10 Adultices dos Últimos Tempos

Trinta e um anos, oito meses e doze dias de vida com certeza fizeram de mim uma adulta muito diferente da afrontadora adolescente que saltitava por ruas Guarulhenses nos anos 2000. Se eu tivesse a possibilidade de trocar uma meia-dúzia (mais pra muitas dúzias) de palavras com aquela garota esperta e diferentona de AllStar pink, simplesmente diria: aproveite, aproveite mais – porque tudo isso vai passar (só não abuse da paciência do papai e da mamãe, sério…)!

Portanto, quis deixar aqui o registro de dez ítens que mudaram da água para o vinho na minha vida. Dez coisas que, se me contassem que eu chegaria nesse nível de maturidade, eu provavelmente daria risada… Mas, aconteceu!

Então, vamos lá:

1- Viagens São Investimento

Eu nunca tive muito interesse em viajar. Falava algumas vezes, aqui e ali, que queria visitar certos lugares, mas nada de muito concreto. Quando comecei a viajar, percebi que nada, absolutamente nada substitui ou agrega mais do que a experiência do novo. É um ítem meio óbvio, na verdade, mas eu realmente saí da minha zona de conforto. Hoje entendo porque quem viaja não consegue parar. Uma vez que você sai dessa caixinha, não tem mais como voltar atrás. Investir em viagens é algo realmente importante para mim.

2- Listas!

Muitas, muitas listas! A vida é feita de listas – a minha, pelo menos. Adoro contabilizar todas as minhas tarefas, adoro listar o que precisa ou não ser feito no trabalho, adoro meu planner, me sinto muito mais produtiva e eficiente quando sigo listas. Essa parte de planejamento, seja de uma viagem, de um compromisso, de uma atividade cotidiana, realmente me ajuda muito – e eu percebo o valor desta ‘auto-ajuda’. Prestar atenção em datas e processos é algo relativamente novo na minha rotina, e que se torna cada vez mais forte. Eu realmente tive que, mais uma vez, sair da minha zona de conforto para alcançar este nível de organização. Não é fácil para mim por não ser algo natural, mas eu entendo minha necessidade em utilizar este tipo de ferramenta no meu dia a dia, e só me beneficio disso. (Super madura!)

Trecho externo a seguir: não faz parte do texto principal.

Lemma is_derive_within_cont (I : R -> Prop) g x d :
  is_derive_within I g x d -> cont_within I g x.
Proof.
  intros H. apply (filterlim_locally (F := within I (locally x))). intros eps.
  destruct (proj1 (filterlim_locally (F := within (fun t => I t /\ t <> x) (locally x)) _ _)
              H (mkposreal 1 Rlt_0_1)) as [d1 Hd1].
  assert (Hd : 0 < Rabs d + 1) by (pose proof (Rabs_pos d); lra).
  assert (He : 0 < eps / (Rabs d + 1)) by (apply Rdiv_lt_0_compat; [apply cond_pos | lra]).
  exists (mkposreal _ (Rmin_pos _ _ (cond_pos d1) He)).
  intros t Ht HIt. change (Rabs (t - x) < Rmin d1 (eps / (Rabs d + 1))) in Ht.
  change (Rabs (g t - g x) < eps).
  pose proof (Rmin_l d1 (eps / (Rabs d + 1))). pose proof (Rmin_r d1 (eps / (Rabs d + 1))).
  destruct (Req_dec t x) as [->|Hne]; [rewrite Rminus_diag, Rabs_R0; apply cond_pos|].
  assert (Hquot : Rabs ((g t - g x) / (t - x)) <= Rabs d + 1).
  { assert (Hb : ball x d1 t) by (change (Rabs (t - x) < d1); lra).
    specialize (Hd1 t Hb (conj HIt Hne)). change (Rabs ((g t - g x) / (t - x) - d) < 1) in Hd1.
    pose proof (Rabs_triang_inv ((g t - g x) / (t - x)) d). lra. }
  replace (g t - g x) with ((g t - g x) / (t - x) * (t - x)) by (field; lra).
  rewrite Rabs_mult.
  apply (Rle_lt_trans _ ((Rabs d + 1) * Rabs (t - x))).
  - apply Rmult_le_compat_r; [apply Rabs_pos | exact Hquot].
  - replace (pos eps) with ((Rabs d + 1) * (eps / (Rabs d + 1))) by (field; lra).
    apply Rmult_lt_compat_l; lra.
Qed.

Lemma is_derive_within_ext (I : R -> Prop) f g x d : (forall t, I t -> f t = g t) -> I x ->
  is_derive_within I f x d -> is_derive_within I g x d.
Proof.
  intros E Hx H.
  apply (filterlim_within_ext (fun t => I t /\ t <> x) (fun t => (f t - f x) / (t - x))); auto.
  intros t [Ht _]. now rewrite (E t Ht), (E x Hx).
Qed.

Lemma derive_within_ext (I : R -> Prop) f g x : (forall t, I t -> f t = g t) -> I x ->
  derive_within I f x = derive_within I g x.
Proof.
  intros E Hx. unfold derive_within. f_equal.
  apply functional_extensionality. intros d. apply propositional_extensionality.
  split; apply is_derive_within_ext; auto. intros t Ht; symmetry; auto.
Qed.

Section HahnOperators.

Variables q w : R.
Hypothesis Hq : 0 < q < 1.

Lemma sigma_minus_omega0 t : sigma q w t - omega0 q w = q * (t - omega0 q w).
Proof. unfold sigma, omega0. field. lra. Qed.

Lemma sigma_inv_minus_omega0 t : sigma_inv q w t - omega0 q w = (t - omega0 q w) / q.
Proof. unfold sigma_inv, omega0. field. lra. Qed.

Lemma sigma_iter_minus_omega0 k x :
  sigma_iter q w k x - omega0 q w = q ^ k * (x - omega0 q w).
Proof.
  induction k as [|k IH]; [simpl; ring|].
  change (sigma_iter q w (S k) x) with (sigma q w (sigma_iter q w k x)).
  rewrite sigma_minus_omega0, IH. simpl. ring.
Qed.

Lemma sigma_inv_sigma t : sigma_inv q w (sigma q w t) = t.
Proof. unfold sigma_inv, sigma. field. lra. Qed.

Lemma sigma_omega0 : sigma q w (omega0 q w) = omega0 q w.
Proof. unfold sigma, omega0. field. lra. Qed.

Lemma sigma_inv_omega0 : sigma_inv q w (omega0 q w) = omega0 q w.
Proof. unfold sigma_inv, omega0. field. lra. Qed.

Lemma sigma_iter_neq_omega0 k x : x <> omega0 q w -> sigma_iter q w k x <> omega0 q w.
Proof.
  intros Hx E. pose proof (sigma_iter_minus_omega0 k x) as Ek.
  rewrite E, Rminus_diag in Ek. symmetry in Ek.
  apply Rmult_integral in Ek as [Hk|Hk]; [|lra].
  exact (pow_nonzero q k ltac:(lra) Hk).
Qed.

(* The weight q^(k+1) (sigma_inv x - sigma x) of the k+1-st term of the Hahn integral is minus
   the spacing sigma s - sigma_inv s at s = sigma^(k+1) x; this is why the integral telescopes. *)
Lemma hahn_quot_sigma_iter g k x : x <> omega0 q w ->
  (sigma_inv q w x - sigma q w x) * (q ^ S k * hahn_quot q w g (sigma_iter q w (S k) x))
  = g (sigma_iter q w k x) - g (sigma_iter q w (S (S k)) x).
Proof.
  intros Hx. set (s := sigma_iter q w (S k) x).
  assert (Es : s - omega0 q w = q ^ S k * (x - omega0 q w)) by apply sigma_iter_minus_omega0.
  assert (Hs : sigma q w s - sigma_inv q w s = q ^ S k * (x - omega0 q w) * (q - / q)).
  { replace (sigma q w s - sigma_inv q w s)
      with ((sigma q w s - omega0 q w) - (sigma_inv q w s - omega0 q w)) by ring.
    rewrite sigma_minus_omega0, sigma_inv_minus_omega0, Es. field. lra. }
  assert (Hx' : sigma_inv q w x - sigma q w x = (x - omega0 q w) * (/ q - q)).
  { replace (sigma_inv q w x - sigma q w x)
      with ((sigma_inv q w x - omega0 q w) - (sigma q w x - omega0 q w)) by ring.
    rewrite sigma_minus_omega0, sigma_inv_minus_omega0. field. lra. }
  assert (Hqk : q ^ S k <> 0) by (apply pow_nonzero; lra).
  assert (Hqq : q * q - 1 <> 0) by nra.
  assert (Hsigma : sigma q w s = sigma_iter q w (S (S k)) x) by reflexivity.
  assert (Hsigma_inv : sigma_inv q w s = sigma_iter q w k x) by apply sigma_inv_sigma.
  unfold hahn_quot. fold s. rewrite Hs, Hx', Hsigma, Hsigma_inv.
  field. repeat split; auto; lra.
Qed.

Section OnInterval.

Variable I : R -> Prop.
Hypothesis HI : is_interval I.
Hypothesis HI0 : I (omega0 q w).

Lemma sigma_iter_in_interval k x : I x -> I (sigma_iter q w k x).
Proof.
  intros Hx. pose proof (sigma_iter_minus_omega0 k x) as E.
  assert (0 < q ^ k) by (apply pow_lt; lra).
  assert (q ^ k <= 1) by (rewrite <- (pow1 k); apply pow_incr; lra).
  apply (is_interval_between I x (omega0 q w)); auto.
  destruct (Rle_dec x (omega0 q w)); [left | right]; split; nra.
Qed.

Lemma qw_set_in_interval a b t : I a -> I b -> qw_set q w a b t ->
  I t /\ I (sigma q w t) /\ I (sigma_inv q w t).
Proof.
  intros Ha Hb Ht.
  assert (Hpoint : forall x, I x -> qw_point_set q w x t ->
            I t /\ I (sigma q w t) /\ I (sigma_inv q w t)).
  { intros x Hx [[n ->] | ->].
    - replace (2 * n + 1)%nat with (S (2 * n)) by lia.
      split; [|split]; try apply (sigma_iter_in_interval (S _)); auto.
      simpl sigma_iter. rewrite sigma_inv_sigma. now apply sigma_iter_in_interval.
    - now rewrite sigma_omega0, sigma_inv_omega0. }
  destruct Ht as [Ht|Ht]; [apply (Hpoint a) | apply (Hpoint b)]; auto.
Qed.

(* sigma_inv moves points away from omega0, so this needs I to extend beyond t on the side of t. *)
Lemma near_omega0_sigma_inv_in_interval :
  within I (locally (omega0 q w)) (fun t => I (sigma_inv q w t)).
Proof.
  set (o := omega0 q w).
  assert (Hside : forall s : R, s = 1 \/ s = -1 -> exists del, 0 < del /\
            forall t, 0 < s * (t - o) < del -> I t -> I (sigma_inv q w t)).
  { intros s Hs.
    destruct (classic (exists p, I p /\ 0 < s * (p - o))) as [[p [Hp Hps]]|Hnone].
    - exists (q * (s * (p - o))). split; [nra|]. intros t Ht _.
      assert (Et : s * (sigma_inv q w t - o) = s * (t - o) / q).
      { unfold o. rewrite sigma_inv_minus_omega0. field. lra. }
      assert (0 < s * (t - o) / q < s * (p - o)).
      { split; [apply Rdiv_lt_0_compat; lra|].
        apply (Rmult_lt_reg_l q); [lra|].
        replace (q * (s * (t - o) / q)) with (s * (t - o)) by (field; lra). lra. }
      apply (is_interval_between I o p); auto.
      destruct Hs as [-> | ->]; [left | right]; lra.
    - exists 1. split; [lra|]. intros t Ht HIt.
      exfalso. apply Hnone. exists t. split; auto; lra. }
  destruct (Hside 1 (or_introl eq_refl)) as [d1 [Hd1 Hright]].
  destruct (Hside (-1) (or_intror eq_refl)) as [d2 [Hd2 Hleft]].
  exists (mkposreal _ (Rmin_pos _ _ Hd1 Hd2)). intros t Ht HIt.
  change (Rabs (t - o) < Rmin d1 d2) in Ht.
  pose proof (Rmin_l d1 d2). pose proof (Rmin_r d1 d2).
  destruct (Rtotal_order t o) as [Hlt|[->|Hgt]].
  - apply Hleft; auto. rewrite Rabs_left in Ht by lra. lra.
  - unfold o. now rewrite sigma_inv_omega0.
  - apply Hright; auto. rewrite Rabs_right in Ht by lra. lra.
Qed.

Lemma hahn_D_ext f g t : (forall t, I t -> f t = g t) ->
  I t -> I (sigma q w t) -> I (sigma_inv q w t) -> hahn_D q w I f t = hahn_D q w I g t.
Proof.
  intros E Ht H1 H2. unfold hahn_D. destruct (Req_EM_T t (omega0 q w)).
  - now apply derive_within_ext.
  - unfold hahn_quot. now rewrite (E _ H1), (E _ H2).
Qed.

Lemma Y1_ext a b f g : I a -> I b ->
  (forall t, I t -> f t = g t) -> Y1 q w I a b f -> Y1 q w I a b g.
Proof.
  intros Ha Hb E [[d Hd] [[M1 HM1] [[M2 HM2] [Hc1 Hc2]]]].
  split; [exists d; now apply (is_derive_within_ext I f)|].
  split; [|split; [|split]].
  - exists M1. intros t Ht. destruct (qw_set_in_interval a b t Ha Hb Ht) as [It _].
    rewrite <- (E t It). auto.
  - exists M2. intros t Ht. destruct (qw_set_in_interval a b t Ha Hb Ht) as [It [I1 I2]].
    rewrite <- (hahn_D_ext f g t E It I1 I2). auto.
  - unfold cont_within in *. rewrite <- (E _ HI0).
    now apply (filterlim_within_ext I f).
  - unfold cont_within in *.
    rewrite <- (hahn_D_ext f g _ E HI0) by (now rewrite ?sigma_omega0, ?sigma_inv_omega0).
    apply (filterlim_ext_loc (hahn_D q w I f)); auto.
    apply (filter_imp (F := locally (omega0 q w)) (fun t => I t -> I (sigma_inv q w t)));
      [|exact near_omega0_sigma_inv_in_interval].
    intros t Hinv HIt. apply hahn_D_ext; auto.
    apply (sigma_iter_in_interval 1). exact HIt.
Qed.

Lemma is_lim_seq_sigma_iter F x (m : nat -> nat) : I x ->
  cont_within I F (omega0 q w) -> (forall n, (n <= m n)%nat) ->
  is_lim_seq (fun n => F (sigma_iter q w (m n) x)) (F (omega0 q w)).
Proof.
  intros Hx HF Hm. apply is_lim_seq_spec. intros eps.
  destruct (proj1 (filterlim_locally (F := within I (locally (omega0 q w))) F _) HF eps)
    as [d Hd].
  assert (Hp : 0 < d / (Rabs (x - omega0 q w) + 1)).
  { apply Rdiv_lt_0_compat; [apply cond_pos|]. pose proof (Rabs_pos (x - omega0 q w)); lra. }
  destruct (pow_lt_1_zero q ltac:(rewrite Rabs_pos_eq; lra) _ Hp) as [N HN].
  exists N. intros n Hn.
  apply (Hd (sigma_iter q w (m n) x)); [|now apply sigma_iter_in_interval].
  change (Rabs (sigma_iter q w (m n) x - omega0 q w) < d).
  rewrite sigma_iter_minus_omega0, Rabs_mult.
  specialize (HN (m n) ltac:(specialize (Hm n); lia)).
  pose proof (Rabs_pos (x - omega0 q w)). pose proof (Rabs_pos (q ^ m n)).
  apply (Rmult_lt_compat_r (Rabs (x - omega0 q w) + 1)) in HN; [|lra].
  unfold Rdiv in HN. rewrite Rmult_assoc, Rinv_l in HN by lra. nra.
Qed.

(* Near omega0 the values F(sigma^(2n+1) x) stay bounded, and the weights q^(2n+1) are geometric. *)
Lemma ex_series_hahn_int0 F x : I x -> cont_within I F (omega0 q w) ->
  ex_series (fun n => q ^ (2 * n + 1) * F (sigma_iter q w (2 * n + 1) x)).
Proof.
  intros Hx HF.
  pose proof (is_lim_seq_sigma_iter F x (fun n => (2 * n + 1)%nat) Hx HF
                ltac:(intros n; cbv beta; lia)) as Hlim.
  apply is_lim_seq_spec in Hlim.
  destruct (Hlim (mkposreal 1 Rlt_0_1)) as [N HN].
  change (pos (mkposreal 1 Rlt_0_1)) with 1 in HN.
  apply (ex_series_incr_n _ N).
  set (M := Rabs (F (omega0 q w)) + 1).
  apply (ex_series_le (V := R_CompleteNormedModule) _
           (fun k => (q ^ (2 * N + 1) * M) * (q ^ 2) ^ k)).
  - intros k. change (norm ?z) with (Rabs z).
    rewrite <- pow_mult.
    replace (2 * (N + k) + 1)%nat with ((2 * N + 1) + 2 * k)%nat by lia.
    rewrite pow_add.
    assert (0 < q ^ (2 * N + 1)) by (apply pow_lt; lra).
    assert (0 < q ^ (2 * k)) by (apply pow_lt; lra).
    rewrite Rabs_mult, Rabs_pos_eq by (apply Rmult_le_pos; lra).
    specialize (HN (N + k)%nat (Nat.le_add_r N k)).
    replace (2 * N + 1 + 2 * k)%nat with (2 * (N + k) + 1)%nat by lia.
    pose proof (Rabs_triang_inv (F (sigma_iter q w (2 * (N + k) + 1) x)) (F (omega0 q w))).
    replace (q ^ (2 * N + 1) * M * q ^ (2 * k)) with (q ^ (2 * N + 1) * q ^ (2 * k) * M) by ring.
    apply Rmult_le_compat_l; [nra | unfold M; lra].
  - apply (ex_series_scal (V := R_NormedModule) (q ^ (2 * N + 1) * M)).
    eexists. apply is_series_geom. rewrite Rabs_pos_eq; nra.
Qed.

Lemma hahn_int0_minus F1 F2 x : I x ->
  cont_within I F1 (omega0 q w) -> cont_within I F2 (omega0 q w) ->
  hahn_int0 q w (fun t => F1 t - F2 t) x = hahn_int0 q w F1 x - hahn_int0 q w F2 x.
Proof.
  intros Hx H1 H2. unfold hahn_int0. rewrite <- Rmult_minus_distr_l, <- Series_minus.
  - f_equal. apply Series_ext. intros n. ring.
  - now apply ex_series_hahn_int0.
  - now apply ex_series_hahn_int0.
Qed.

Lemma hahn_int0_antiderivative g F x : I x -> cont_within I g (omega0 q w) ->
  (forall n, hahn_D_is q w I g (sigma_iter q w (2 * n + 1) x)
               (F (sigma_iter q w (2 * n + 1) x))) ->
  hahn_int0 q w F x = g x - g (omega0 q w).
Proof.
  intros Hx Hg HgF. unfold hahn_int0.
  destruct (Req_dec x (omega0 q w)) as [->|Hne].
  { rewrite sigma_omega0, sigma_inv_omega0. ring. }
  rewrite <- Series_scal_l.
  rewrite (Series_ext _ (fun n => g (sigma_iter q w (2 * n) x)
                                  - g (sigma_iter q w (2 * S n) x))).
  - apply is_series_unique.
    exact (is_series_telescope _ _
             (is_lim_seq_sigma_iter g x (fun n => (2 * n)%nat) Hx Hg ltac:(intros n; cbv beta; lia))).
  - intros n. replace (2 * n + 1)%nat with (S (2 * n)) by lia.
    replace (2 * S n)%nat with (S (S (2 * n))) by lia.
    destruct (HgF n) as [Hquot _].
    replace (2 * n + 1)%nat with (S (2 * n)) in Hquot by lia.
    rewrite <- (Hquot (sigma_iter_neq_omega0 _ _ Hne)).
    exact (hahn_quot_sigma_iter g (2 * n) x Hne).
Qed.

Lemma hahn_int_antiderivative g F a b : I a -> I b ->
  (forall t, qw_set q w a b t -> hahn_D_is q w I g t (F t)) ->
  hahn_int q w F a b = g b - g a.
Proof.
  intros Ha Hb HgF.
  assert (Hg : cont_within I g (omega0 q w)).
  { apply (is_derive_within_cont I g _ (F (omega0 q w))).
    apply (HgF (omega0 q w)); [left; now right | reflexivity]. }
  unfold hahn_int.
  rewrite (hahn_int0_antiderivative g F b), (hahn_int0_antiderivative g F a); auto; [ring | |];
    intros n; apply HgF; [left | right]; left; now exists n.
Qed.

3- Menos Quantidade, Mais Qualidade

Este ítem também é um pouco óbvio (talvez todos sejam), mas houve uma época em que eu comprava muito pela oportunidade, já que nos EUA os produtos são muito baratos, e sempre deixava de pensar se aquilo realmente duraria, ou se havia necessidade de adquirí-lo, ou mesmo se era algo que eu realmente gostava. Não compro mais volume, e sim qualidade. Isso eu digo em relação a tudo, todo tipo de produto e até mesmo serviços. Não, não é questão de esbanjar além do que se deve, mas de tomar decisões mais inteligentes, realmente pesar o custo-benefício de cada coisa, não só no imediato, mas a médio e longo prazo também. Muitas vezes, o barato sai caro. Aprender isso pode mudar tudo – inclusive te ajudar a economizar dinheiro e/ou dores de cabeça.

4- Adeus, TV

Essa é ótima! Eu não assisto mais TV. Sim, assisto algumas séries e alguns filmes, mas não assisto mais nenhum programa de TV. Nem mesmo os noticiários! E que alívio isso dá. As informações chegam até nós já influenciadas pelos interesses daquela determinada emissora, muitas vezes confundem mais do que esclarecem. Eu não consigo mais simplesmente passar horas na frente da TV. Os seriados, por exemplo, me limito a um ou dois episódios por dia durante a semana. Muitas vezes, não assisto, não ligo a TV. De final de semana depende muito, mas no geral, aos domingos dedico mais tempo ao seriado da vez (porque só assisto um por vez, enquanto não termino um, não começo outro para não me apegar e perder a mão do tempo dispensado), principalmente no inverno, mas mesmo assim de maneira controlada. Não faço questão nenhuma de assistir TV.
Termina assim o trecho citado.